What negative consequences may occur when communicating risk information in the “real-world” and how do insights from cognitive psychology help?

What is normally risk? Ahmed, Naik, Willoughby and Edwards (2012) offered a definition, by just stating that risk is definitely a probability that something harmful will provoke harm in the foreseeable future. Then, what’s risk communication? Because the literature relating to this topic is so vast, a good starting point would be by citing Benjamin Franklin (1789). He wrote in a letter: ”Our Constitution is in actual procedure; everything appears to promise that it will last; however in this globe there is nothing specific but loss of life and taxes”. Gerd Gigerenzer (2002) just highlighted the last component (”Nothing is for certain but death and taxes”) and talked about the uncertainty which the public has to live with.

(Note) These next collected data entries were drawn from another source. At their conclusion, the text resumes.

Lemma partition_tuple_unique n s :
    sorted geq s -> all (fun x => x != 0%N) s -> sumn s = n ->
  exists t0 : n.-tuple 'I_n.+1, forall t : n.-tuple 'I_n.+1,
    (sorted geq (map val t) && (sumn (map val t) == n)) &&
      (s == nonzeros (map val t)) = (t == t0).
Proof.
move=> s_sorted s_nz s_n.
have s_size : (size s <= n)%N by rewrite -s_n size_le_sumn.
pose t0 : n.-tuple 'I_n.+1 := [tuple inord (nth 0%N s i) | i < n].
have t0_pad : map val t0 = pad0 n s.
  apply: (@eq_from_nth _ 0%N) => [|i].
    by rewrite size_map size_tuple size_cat size_nseq subnKC.
  rewrite size_map size_tuple => lt_in; rewrite (nth_map ord0) ?size_tuple //.
  rewrite -(tnth_nth ord0 t0 (Ordinal lt_in)) tnth_mktuple /=.
  rewrite inordK ?ltnS -?s_n ?nth_le_sumn // nth_cat.
  by case: ltnP => // le_si; rewrite nth_nseq nth_default // if_same.
exists t0 => t; apply/idP/eqP => [/andP[/andP[t_sorted _] /eqP s_t]|->].
  apply/val_inj/(inj_map val_inj) => /=.
  by rewrite t0_pad [LHS](sorted_geq_pad0 t_sorted) -s_t size_map size_tuple.
by rewrite t0_pad sorted_pad0 // sumn_cat sumn_nseq mul0n addn0 s_n nonzeros_pad0 ?eqxx.
Qed.

End Partitions.

Lemma sum_partition_tuples (R : nzSemiRingType) n s :
    sorted geq s -> all (fun x => x != 0%N) s ->
  \sum_(t : n.-tuple 'I_n.+1 | sorted geq (map val t) && (sumn (map val t) == n))
     ((s == nonzeros (map val t))%:R : R) = (sumn s == n)%:R.
Proof.
move=> s_sorted s_nz; case: (eqVneq (sumn s) n) => [s_n|s_n]; last first.
  rewrite big1 // => t /andP[_ /eqP t_n]; case: eqP => // s_t.
  by move: s_n; rewrite s_t sumn_nonzeros t_n eqxx.
have [t0 t0_unique] := partition_tuple_unique s_sorted s_nz s_n.
rewrite big_mkcond (eq_bigr (fun t => (t == t0)%:R)) ?sumr_eqb // => t _.
by rewrite -t0_unique; case: (_ && _).
Qed.

Section MonomialPartition.
Variable m : nat.
Implicit Type al : 'X_{1..m}.

Definition mpartition al := sort geq (nonzeros (tval (multinom_val al))).

Lemma perm_mpartition al :
  perm_eq (mpartition al) (nonzeros (tval (multinom_val al))).
Proof. by rewrite perm_sort. Qed.

Lemma sorted_mpartition al : sorted geq (mpartition al).
Proof. by apply: sort_sorted => x y; exact: leq_total. Qed.
Lemma ltn_card_sumsetr (A B : {fset nat}) :
  1 < #|` A| -> B != fset0 -> #|` B| < #|` sumset A B|.
Proof.
move=> A_gt1 /fset0Pn B_neq0.
have [a0 [a1 [a0A a1A lt01]]] : exists a0 a1, [/\ a0 \in A, a1 \in A & a0 < a1].
  have [a a_A] : exists a, a \in A by apply/fset0Pn; rewrite -cardfs_gt0; lia.
  have /fset0Pn [a'] : (A `\ a)%fset != fset0.
    by rewrite -cardfs_gt0; move: A_gt1; rewrite (cardfsD1 a A) a_A.
  rewrite in_fsetD1 => /andP [a'a a'A].
  by case: (ltngtP a a') a'a => // lt_aa' _; [exists a, a' | exists a', a].
have [bm bmB bm_min] := ex_minnP B_neq0.
(* [a0 + bm] is the sum not reached by the translate [B + a1]. *)
have bm_new : (a0 + bm)%N \notin [fset (b + a1)%N | b in B]%fset.
  by apply/imfsetP => -[b /= /bm_min]; lia.
rewrite sumsetC -(card_imfset_addn B a1).
apply: (@leq_trans #|` ((a0 + bm)%N |` [fset (b + a1)%N | b in B])%fset|).
  by rewrite cardfsU1 bm_new.
apply: fsubset_leq_card; apply/fsubsetP => x.
rewrite in_fset1U => /orP [/eqP ->|/imfsetP [b /= bB ->]].
  by rewrite sumsetC addn_mem_sumset.
by rewrite addnC sumsetC addn_mem_sumset.
Qed.

Lemma card_sumset_eq1 (A B : {fset nat}) : A != fset0 -> B != fset0 ->
  #|` sumset A B| = 1 -> #|` A| = 1 /\ #|` B| = 1.
Proof.
move=> A_neq0 B_neq0 AB1.
have /fset0Pn [a aA] := A_neq0; have /fset0Pn [b bB] := B_neq0.
have := leq_card_sumsetl A bB; have := leq_card_sumsetl B aA.
by move: A_neq0 B_neq0; rewrite -!cardfs_gt0 sumsetC AB1; lia.
Qed.

Lemma expn2_addn_inj_lt i j k l : i < j -> k < l ->
  2 ^ i + 2 ^ j = 2 ^ k + 2 ^ l -> i = k /\ j = l.
Proof.
move=> lt_ij lt_kl E.
have lt_ij2 : 2 ^ i < 2 ^ j by rewrite ltn_exp2l.
have lt_kl2 : 2 ^ k < 2 ^ l by rewrite ltn_exp2l.
have jl : j = l.
  case: (ltngtP j l) => // [lt_jl|lt_lj].
  - have : 2 ^ j.+1 <= 2 ^ l by rewrite leq_exp2l.
    by rewrite expnS; lia.
  - have : 2 ^ l.+1 <= 2 ^ j by rewrite leq_exp2l.
    by rewrite expnS; lia.
subst l; split=> //; apply: (expnI (isT : 1 < 2)); lia.
Qed.

Lemma expn2_addn_inj i j k l : i != j -> k != l ->
  2 ^ i + 2 ^ j = 2 ^ k + 2 ^ l -> (i = k /\ j = l) \/ (i = l /\ j = k).
Proof.
move=> + + E; case: (ltngtP i j) => // lt_ij _; case: (ltngtP k l) => // lt_kl _.
- by left; apply: expn2_addn_inj_lt.
- by right; apply: expn2_addn_inj_lt; rewrite // E addnC.
- by right; case: (expn2_addn_inj_lt lt_ij lt_kl); rewrite // addnC E.
- by left; case: (expn2_addn_inj_lt lt_ij lt_kl); rewrite // addnC E addnC.
Qed.

Lemma cliqueP (T : finType) (e : rel T) (Q : {set T}) :
  reflect {in Q &, forall x y, x != y -> e x y} (is_clique e Q).
Proof.
apply: (iffP forallP) => [Qcl x y xQ yQ|Qcl x].
  by have /implyP/(_ xQ)/forallP/(_ y)/implyP/(_ yQ)/implyP := Qcl x.
by apply/implyP => xQ; apply/forallP => y; apply/implyP => yQ; apply/implyP; apply: Qcl.
Qed.

Section WeakIASI.

Variables (T : finType) (e : rel T).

Franklin acknowledged the chance but he offered no answer on how to handle it. This paper will concentrate on how persons communicate risk info in the ”real-community” and what negative outcomes it might have on a person. Also, could cognitive psychology improve this exchange of info?

Ahmed et al. (2012) continuing by explaining that risk connection is an instrument which aims to create people understand a certain kind of information (for instance, a medical diagnosis of disease) in order to help the patient to make a much better decision about his health. But in many cases, risk data is transmitted wrongly and the info will either be right but too ambiguous explained or the individual will prefer never to ask further query. The negative consequences of the actions could lead to anxiety and melancholy when receiving such a delicate facts. The interaction of risk can be found anywhere, from a news reportage (”the terrorism threat level is certainly orange”) to medicine (”risk of a coronary attack is certainly 15%”). But a dilemma emerges. How could a person understand the word ”orange” or the percentage of 15% without a background information. The risk could be intercepted as low because the orange colour is not red or that 15% is too much away from 100%. Therefore, the individual will have the essential perception. If it just happened to other people, it does not mean that it’ll happen to me. He will choose to not ask further issues, however the anxiety could stay in one’s mind. What if could it happen to me? That’s the main reason for this paper, to analyse the way the risk details is transmitted around diverse regions of interest and how it really is perceived among individuals. The general public interpret the risk according to their unique understanding and background. The main thing ought to be the knowing of how risk is certainly welcomed in people’s minds.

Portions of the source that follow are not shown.